If the driver needs to close a serial port, terminate a thread, close a database, or perform any other activity before the application terminates, then you must supply this function. WeeWX will call it if it needs to shut down your console (usually in the case of an error).

Define the configuration

You then include a new section in the configuration file weewx.conf that includes any options your driver needs. It should also include an entry driver that points to where your driver can be found. Set option station_type to your new section type and your driver will be loaded.

Examples

The fileparse driver is perhaps the simplest example of a WeeWX driver. It reads name-value pairs from a file and uses the values as sensor 'readings'. The code is actually packaged as an extension, located in examples/fileparse, making it a good example of not only writing a device driver, but also of how to package an extension. The actual driver itself is in examples/fileparse/bin/user/fileparse.py.

Another good example is the simulator code located in weewx/drivers/simulator.py. It's dirt simple, and you can easily play with it. Many people have successfully used it as a starting point for writing their own custom driver.

The Ultimeter (ultimeter.py) and WMR100 (wmr100.py) drivers illustrate how to communicate with serial and USB hardware, respectively.

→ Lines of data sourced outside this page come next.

(* Let $Q=\langle b\rangle\ltimes_{(g,\gamma)}X$. Then $$1\times\langle\mathrm{Img}(\gamma)\rangle=A(Q)\le C(Q)=Q'=1\times\langle\mathrm{Img}(\gamma)\cup\mathrm{Img}(1-g)\rangle,$$ where $\langle S\rangle$ denotes the subgroup of $(X,+)$ generated by $S$ and $\mathrm{Img}(1-g)=\{x-g(x):x\in X\}$.
   Context: Let $(X,+)$ be an abelian group and $(g,\gamma)$ a construction pair on it: $g$ a permutation of $X$, $\gamma:X\times X\to X$ symmetric, alternating, biadditive, with (C1) $g^{-1}(g(x)+g(y))=x+y+\gamma(x,y)+g^{-1}(\gamma(x,y))+g^{-2}(\gamma(x,y))$, (C2) $\gamma(\gamma(x,y),z)=0$, (C3) $g^{-1}(\gamma(x,y))=\gamma(g(x),y)$ for all $x,y,z$. Let $\mathrm{Rad}(\gamma)=\{x:\gamma(x,y)=0\ \forall y\}$, $\mathrm{Img}(\gamma)$ the image of $\gamma$, and $r(g,\gamma)$ the least positive $r$ with $\sum_{0\le k<r}g^k(x)\in\mathrm{Rad}(\gamma)$ for all $x$ ($\infty$ if none). $I(i,j)$ is $\emptyset$ if $i=j$, $\{i,\dots,j-1\}$ if $i<j$, $\{j,\dots,i-1\}$ if $j<i$. For a cyclic group $C=\langle b\rangle$ such that (if finite) $|g|$ and $r(g,\gamma)$ divide $|C|$, $C\ltimes_{(g,\gamma)}X$ is the Moufang loop on $C\times X$ with multiplication $(b^i,x)(b^j,y)=(b^{i+j},g^{-j}(x)+y+\sum_{k\in I(i+j,-j)}g^{-k}(\gamma(x,y)))$. For a loop $Q$, the commutator subloop $C(Q)$ (resp. associator subloop $A(Q)$, resp. derived subloop $Q'$) is the smallest normal subloop $N$ such that $Q/N$ is commutative (resp. a group, resp. an abelian group). *)

From mathcomp Require Import all_boot all_order all_algebra.
Set Implicit Arguments. Unset Strict Implicit. Unset Printing Implicit Defensive.
Import Order.TTheory GRing.Theory Num.Theory.
Local Open Scope ring_scope.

They also show different approaches for decoding data. Nevertheless, they are pretty straightforward.

The driver for the Vantage series is by far the most complicated. It actually multi-inherits from not only AbstractDevice, but also StdService. That is, it also participates in the engine as a service.

Naturally, there are a lot of subtleties that have been glossed over in this high-level description. If you run into trouble, look for help in the weewx-development group.